● What you have to do:
Provide only the number of lines in the following data that contain "pose".

● Dataset items:
Content starts

(* Let $\kappa$ be a cardinal, $\mathscr A$ an infinite set and $\{X_\alpha:\alpha\in\mathscr A\}$ a family of Banach spaces each of which is $\mathrm{ASQ}_{<\kappa}$. If $\mathcal U$ is an $\aleph_1$-incomplete non-principal ultrafilter over $\mathscr A$, then the ultraproduct $(X_\alpha)_{\mathcal U}$ is $\mathrm{SQ}_{<\kappa}$.
   Context: A non-principal ultrafilter $\mathcal U$ over $\mathscr A$ is $\aleph_1$-incomplete if it is not closed under countable intersections (equivalently, there is $f:\mathscr A\to(0,\infty)$ with $\lim_{\mathcal U}f(\alpha)=0$). The ultraproduct $(X_\alpha)_{\mathcal U}$ is the quotient $\ell_\infty(\mathscr A,X_\alpha)/c_{0,\mathcal U}(\mathscr A,X_\alpha)$, where $\ell_\infty(\mathscr A,X_\alpha)$ consists of bounded families $(x_\alpha)$ with $x_\alpha\in X_\alpha$ under the sup norm and $c_{0,\mathcal U}$ is the subspace of families with $\lim_{\mathcal U}\|x_\alpha\|=0$; its norm satisfies $\|(x_\alpha)_{\mathcal U}\|=\lim_{\mathcal U}\|x_\alpha\|$. A Banach space $Z$ is $\mathrm{ASQ}_{<\kappa}$ if for every set $A\subset S_Z$ with $|A|<\kappa$ and every $\varepsilon>0$ there exists $y\in S_Z$ with $\|x\pm y\|\le 1+\varepsilon$ for all $x\in A$; $Z$ is $\mathrm{SQ}_{<\kappa}$ if for every such $A$ there exists $y\in S_Z$ with $\|x\pm y\|\le 1$ for all $x\in A$. *)

From HB Require Import structures.
From mathcomp Require Import all_boot all_order all_algebra.
From mathcomp Require Import all_classical all_reals all_analysis.
Set Implicit Arguments. Unset Strict Implicit. Unset Printing Implicit Defensive.
Import Order.TTheory GRing.Theory Num.Theory.
Import numFieldNormedType.Exports.
Local Open Scope classical_set_scope.
Local Open Scope ring_scope.

(* Cardinals: a cardinal kappa is represented as the cardinality of a type K.
   [card_lt_kappa K S] means |S| < |K| (= kappa). *)
Definition card_lt_kappa (K : Type) {T : Type} (S : set T) : Prop :=
  card_le S [set: K] /\ ~ card_le [set: K] S.

Definition unit_sphere (R : realType) (Z : normedModType R) : set Z :=
  [set z | `|z| = 1].

Definition ASQ_lt (R : realType) (K : Type) (Z : normedModType R) : Prop :=
  forall (S : set Z), S `<=` @unit_sphere R Z -> card_lt_kappa K S ->
  forall eps : R, 0 < eps ->
  exists2 y, @unit_sphere R Z y &
    forall x, S x -> `|x + y| <= 1 + eps /\ `|x - y| <= 1 + eps.

Definition SQ_lt (R : realType) (K : Type) (Z : normedModType R) : Prop :=
  forall (S : set Z), S `<=` @unit_sphere R Z -> card_lt_kappa K S ->
  exists2 y, @unit_sphere R Z y &
    forall x, S x -> `|x + y| <= 1 /\ `|x - y| <= 1.

Definition nonprincipal (A : Type) (U : set_system A) : Prop :=
  ~ exists a : A, forall B : set A, U B <-> B a.

Definition aleph1_incomplete (A : Type) (U : set_system A) : Prop :=
  exists B : nat -> set A, (forall n, U (B n)) /\ ~ U (\bigcap_n B n).

Section Ultraproduct.
Variables (R : realType) (A : Type) (X : A -> normedModType R)
          (U : set_system A).

Definition linf_bounded (x : forall a, X a) : Prop :=
  exists M : R, forall a, `|x a| <= M.

Definition fam_add (x y : forall a, X a) : forall a, X a := fun a => x a + y a.
Definition fam_sub (x y : forall a, X a) : forall a, X a := fun a => x a - y a.

Definition up_seminorm (x : forall a, X a) : R :=
  lim ((fun a => `|x a|) @ U).

Definition up_class (x : forall a, X a) : set (forall a, X a) :=
  [set y | linf_bounded y /\ up_seminorm (fam_sub y x) = 0].

(* the ultraproduct (X_a)_U = ell_infty / c_{0,U}, as the type of classes *)
Definition ultraproduct : Type :=
  {C : set (forall a, X a) | exists x, linf_bounded x /\ C = up_class x}.

Definition up_rep (C : ultraproduct) : forall a, X a :=
  proj1_sig (cid (proj2_sig C)).

(* the quotient norm ||(x_a)_U|| = lim_U ||x_a||; sums/differences of
   classes are classes of sums/differences of representatives *)
Definition up_norm (C : ultraproduct) : R := up_seminorm (up_rep C).
Definition up_norm_add (C D : ultraproduct) : R :=
  up_seminorm (fam_add (up_rep C) (up_rep D)).
Definition up_norm_sub (C D : ultraproduct) : R :=
  up_seminorm (fam_sub (up_rep C) (up_rep D)).

Definition ultraproduct_SQ_lt (K : Type) : Prop :=
  forall (S : set ultraproduct), (forall C, S C -> up_norm C = 1) ->
  card_lt_kappa K S ->
  exists2 Y : ultraproduct, up_norm Y = 1 &
    forall C, S C -> up_norm_add C Y <= 1 /\ up_norm_sub C Y <= 1.

End Ultraproduct.

(* Aleph_1-incompleteness of U yields weights eps_a > 0 with lim_U eps_a = 0.
   Given fewer than kappa unit vectors (x_a)_U of the ultraproduct, in each
   coordinate a the directions x_a / ||x_a|| are fewer than kappa points of the
   unit sphere of X_a, so ASQ_{<kappa} gives a unit y_a with
   ||x_a / ||x_a|| +- y_a|| <= 1 + eps_a for all of them at once.  Then
   ||x_a +- y_a|| <= 1 + eps_a + | ||x_a|| - 1 |, whose U-limit is 1, so the
   unit vector (y_a)_U witnesses SQ_{<kappa}. *)

From HB Require Import structures.
From mathcomp Require Import all_boot all_order all_algebra.
From mathcomp Require Import all_classical all_reals all_analysis.
From mathcomp Require Import lra.
Set Implicit Arguments. Unset Strict Implicit. Unset Printing Implicit Defensive.
Import Order.TTheory GRing.Theory Num.Theory.
Import numFieldNormedType.Exports.
Local Open Scope classical_set_scope.
Local Open Scope ring_scope.

Lemma card_lt_kappa_le (K T V : Type) (S : set T) (S' : set V) :
  (S' #<= S)%card -> card_lt_kappa K S -> card_lt_kappa K S'.
Proof.
move=> S'S [SK KS]; split; first exact: card_le_trans S'S SK.
by move=> KS'; apply: KS; exact: card_le_trans KS' S'S.
Qed.

Section NormalizedVectors.
Variables (R : realType) (V : normedModType R).

Definition normalize (x : V) : V := `|x|^-1 *: x.

Lemma norm_sub_normalize (x : V) : x != 0 -> `|x - normalize x| = `| `|x| - 1|.
Proof.
move=> x0; have nx0 : `|x| != 0 by rewrite normr_eq0.
have -> : x - normalize x = (`|x| - 1) / `|x| *: x.
  by rewrite mulrBl mulfV // mul1r scalerBl scale1r.
by rewrite normrZ normrM normfV normr_id mulfVK.
Qed.

Lemma norm_add_le_normalize (x w : V) (e : R) : 0 <= e -> `|w| = 1 ->
  (x != 0 -> `|normalize x + w| <= 1 + e) -> `|x + w| <= 1 + e + `| `|x| - 1|.
Proof.
move=> e_ge0 w1 xw; have [->|x0] := eqVneq x 0.
  by rewrite add0r normr0 sub0r normrN normr1 w1; lra.
have -> : x + w = (x - normalize x) + (normalize x + w) by rewrite addrA subrK.
apply: le_trans (ler_normD _ _) _; have := xw x0; rewrite norm_sub_normalize //; lra.
Qed.

End NormalizedVectors.

Section UltrafilterLimits.
Variables (R : realType) (A : Type) (U : set_system A).
Hypothesis U_ultra : UltraFilter U.
#[local] Instance U_proper : ProperFilter U := @ultra_proper _ _ U_ultra.

Lemma ultra_bounded_cvg (f : A -> R) (M : R) :
  (forall a, `|f a| <= M) -> cvg (f @ U).
Proof.
move=> fM; have : (f @ U) `[-M, M]%classic.
  by apply: nearW => a; rewrite /= in_itv /= -ler_norml.
move=> /(@segment_compact R (-M) M (f @ U) _) [l [_ fl]].
apply: (cvgP l) => N Nl.
have [//|NcU] := in_ultra_setVsetC (f @^-1` N) U_ultra.
by have [a []] := fl (~` N) N NcU Nl.
Qed.

Lemma aleph1_incomplete_cvg0 : aleph1_incomplete U ->
  exists2 eps : A -> R, (forall a, 0 < eps a) & eps @ U --> 0.
Proof.
move=> [B [BU notIU]].
have IcU : U (~` \bigcap_n B n) by case: (in_ultra_setVsetC (\bigcap_n B n) U_ultra).
(* Off [\bigcap_n B n], [exit a] is an index with [~ B (exit a) a]; membership in
   [B 0], ..., [B k] then forces [k < exit a]. *)
pose exit a := xget 0%N [set n | ~ B n a].
exists (fun a => (exit a).+1%:R^-1) => [a|]; first by rewrite invr_gt0 ltr0n.
apply/cvgr0Pnorm_lt => e e_gt0.
pose k := Num.Def.truncn e^-1.
have early_in : \forall a \near U, forall m : 'I_k.+1, B m a.
  by apply: filter_forall => m; exact: BU.
apply: filterS (filterI IcU early_in) => a [/= notIa early].
have /(xgetPex 0%N) exitP : exists n, ~ B n a.
  by apply: contrapT => /forallNP nB; apply: notIa => n _; exact: contrapT (nB n).
have k_lt : (k < exit a)%N.
  rewrite ltnNge; apply/negP => ek; apply: exitP.
  exact: (early (@Ordinal k.+1 (exit a) ek)).
rewrite ger0_norm ?invr_ge0 // invf_plt ?posrE ?ltr0n //.
apply: lt_le_trans (truncnS_gt _) _; rewrite ler_nat; exact: ltnW.
Qed.

Section UltraproductNorm.
Variable X : A -> normedModType R.

Lemma linf_boundedD (x z : forall a, X a) :
  linf_bounded x -> linf_bounded z -> linf_bounded (fam_add x z).
Proof.
move=> [M xM] [N zN]; exists (M + N) => a.
by apply: le_trans (ler_normD _ _) _; exact: lerD.
Qed.

Lemma linf_boundedB (x z : forall a, X a) :
  linf_bounded x -> linf_bounded z -> linf_bounded (fam_sub x z).
Proof.
move=> [M xM] [N zN]; exists (M + N) => a.
by apply: le_trans (ler_normB _ _) _; exact: lerD.
Qed.

Lemma up_seminorm_cvg (x : forall a, X a) : linf_bounded x ->
  (fun a => `|x a|) @ U --> up_seminorm U x.
Proof.
move=> [M xM]; rewrite /up_seminorm.
by apply: (ultra_bounded_cvg (M := M)) => a; rewrite normr_id.
Qed.

Lemma up_seminorm_le (x : forall a, X a) (g : A -> R) (l : R) :
  linf_bounded x -> g @ U --> l -> (forall a, `|x a| <= g a) ->
  up_seminorm U x <= l.
Proof.
move=> xb gl xg; rewrite -subr_le0.
apply: cvgr_to_le (cvgB (up_seminorm_cvg xb) gl) _.
by apply: nearW => a; rewrite subr_le0.
Qed.

Lemma up_seminorm_unit_near (z w : forall a, X a) : linf_bounded z ->
  (forall a, `|w a| = 1) -> (fun a => `|w a - z a|) @ U --> 0 ->
  up_seminorm U z = 1.
Proof.
move=> zb w1 wz0; apply: cvg_lim => //.
have lo : (fun a => 1 - `|w a - z a|) @ U --> (1 - 0 : R).
  by apply: cvgB => //; exact: cvg_cst.
have hi : (fun a => 1 + `|w a - z a|) @ U --> (1 + 0 : R).
  by apply: cvgD => //; exact: cvg_cst.
rewrite subr0 in lo; rewrite addr0 in hi.
apply: squeeze_cvgr lo hi; apply: nearW => a.
rewrite -(w1 a) -ler_distl distrC; exact: ler_dist_dist.
Qed.

Lemma up_class_refl (x : forall a, X a) : linf_bounded x -> up_class U x x.
Proof.
move=> xb; split => //; rewrite /up_seminorm /fam_sub.
under eq_fun do rewrite subrr normr0.
exact: lim_cst.
Qed.

Lemma up_rep_spec (C : ultraproduct X U) :
  linf_bounded (up_rep C) /\ sval C = up_class U (up_rep C).
Proof. by rewrite /up_rep; case: cid. Qed.

Definition up_of (x : forall a, X a) (xb : linf_bounded x) : ultraproduct X U :=
  exist _ (up_class U x) (ex_intro _ x (conj xb erefl)).

Lemma up_rep_of_near (x : forall a, X a) (xb : linf_bounded x) :
  (fun a => `|x a - up_rep (up_of xb) a|) @ U --> 0.
Proof.
have [rb rE] := up_rep_spec (up_of xb).
have := up_class_refl xb; rewrite /= in rE; rewrite rE => -[_ <-].
by apply: up_seminorm_cvg; exact: linf_boundedB.
Qed.

Definition up_slice (S : set (ultraproduct X U)) (a : A) : set (X a) :=
  [set normalize (up_rep C a) | C in [set C | S C /\ up_rep C a != 0]].
Arguments up_slice S a : clear implicits.

Lemma up_slice_rep (S : set (ultraproduct X U)) (C : ultraproduct X U) (a : A) :
  S C -> up_rep C a != 0 -> up_slice S a (normalize (up_rep C a)).
Proof. by move=> SC Ca0; exists C. Qed.

Lemma up_slice_unit (S : set (ultraproduct X U)) (a : A) :
  up_slice S a `<=` @unit_sphere R (X a).
Proof. by move=> _ [C [_ Ca0] <-]; exact: normfZV. Qed.

Lemma card_lt_kappa_up_slice (K : Type) (S : set (ultraproduct X U)) (a : A) :
  card_lt_kappa K S -> card_lt_kappa K (up_slice S a).
Proof.
apply: card_lt_kappa_le; apply: card_le_trans (card_image_le _ _) _.
by apply: subset_card_le => C [].
Qed.

Section SquarenessBound.
Variables (eps : A -> R) (x z w : forall a, X a).
Hypotheses (eps_ge0 : forall a, 0 <= eps a) (eps_cvg0 : eps @ U --> 0).
Hypotheses (xb : linf_bounded x) (zb : linf_bounded z) (x1 : up_seminorm U x = 1).
Hypotheses (w1 : forall a, `|w a| = 1) (wz0 : (fun a => `|w a - z a|) @ U --> 0).

Lemma up_seminorm_add_le :
  (forall a, x a != 0 -> `|normalize (x a) + w a| <= 1 + eps a) ->
  up_seminorm U (fam_add x z) <= 1.
Proof.
move=> xw.
have x_near1 : (fun a => `| `|x a| - 1|) @ U --> (`|1 - 1| : R).
  apply: cvg_norm; apply: cvgB => //; last exact: cvg_cst.
  by rewrite -x1; exact: up_seminorm_cvg.
rewrite subrr normr0 in x_near1.
have g1 : (fun a => 1 + eps a + `| `|x a| - 1| + `|w a - z a|) @ U -->
          (1 + 0 + 0 + 0 : R).
  by apply: cvgD => //; apply: cvgD => //; apply: cvgD => //; exact: cvg_cst.
rewrite !addr0 in g1.
apply: (up_seminorm_le (linf_boundedD xb zb) g1) => a.
have -> : fam_add x z a = (x a + w a) - (w a - z a).
  by rewrite /fam_add opprB addrA addrAC addrK.
apply: le_trans (ler_normB _ _) _; rewrite lerD2r.
exact: norm_add_le_normalize (eps_ge0 a) (w1 a) (xw a).
Qed.

End SquarenessBound.

Lemma up_seminorm_sub_le (eps : A -> R) (x z w : forall a, X a) :
  (forall a, 0 <= eps a) -> eps @ U --> 0 ->
  linf_bounded x -> linf_bounded z -> up_seminorm U x = 1 ->
  (forall a, `|w a| = 1) -> (fun a => `|w a - z a|) @ U --> 0 ->
  (forall a, x a != 0 -> `|normalize (x a) - w a| <= 1 + eps a) ->
  up_seminorm U (fam_sub x z) <= 1.
Proof.
move=> eps_ge0 eps_cvg0 xb [M zM] x1 w1 wz0 xw.
apply: (@up_seminorm_add_le eps x (fun a => - z a) (fun a => - w a)) => // [|a|].
- by exists M => a; rewrite normrN.
- by rewrite normrN.
- by under eq_fun do rewrite -opprD normrN.
Qed.

End UltraproductNorm.

End UltrafilterLimits.

Theorem theorem4p8 (R : realType) (K : Type) (A : Type)
    (X : A -> completeNormedModType R) (U : set_system A) :
  infinite_set [set: A] ->
  (forall a, ASQ_lt K (X a)) ->
  UltraFilter U -> nonprincipal U -> aleph1_incomplete U ->
  ultraproduct_SQ_lt (fun a => (X a : normedModType R)) U K.
Proof.
(* Infiniteness of [A] and non-principality follow from aleph_1-incompleteness. *)
move=> _ X_asq U_ultra _ /(aleph1_incomplete_cvg0 R U_ultra) [eps eps_gt0 eps_cvg0].
move=> S S1 S_small.
have eps_ge0 a : 0 <= eps a by exact/ltW.
have y_ex a :=
  X_asq a _ (up_slice_unit (a := a)) (card_lt_kappa_up_slice a S_small) _ (eps_gt0 a).
pose y a := s2val (cid2 (y_ex a)).
have y1 a : `|y a| = 1 := s2valP (cid2 (y_ex a)).
have y_asq a C : S C -> up_rep C a != 0 ->
    `|normalize (up_rep C a) + y a| <= 1 + eps a /\
    `|normalize (up_rep C a) - y a| <= 1 + eps a.
  by move=> SC Ca0; apply: (s2valP' (cid2 (y_ex a))); exact: up_slice_rep.
have yb : linf_bounded y by exists 1 => a; rewrite y1.
have [Yb _] := up_rep_spec (up_of U yb).
have Yy := up_rep_of_near U_ultra yb.
exists (up_of U yb); first exact: up_seminorm_unit_near Yb y1 Yy.
move=> C SC; have [Cb _] := up_rep_spec C.
split.
- apply: up_seminorm_add_le eps_ge0 eps_cvg0 Cb Yb (S1 C SC) y1 Yy _.
  by move=> a /(y_asq a C SC) [].
- apply: up_seminorm_sub_le eps_ge0 eps_cvg0 Cb Yb (S1 C SC) y1 Yy _.
  by move=> a /(y_asq a C SC) [].
Qed.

Content ends

● Solution to the problem:
3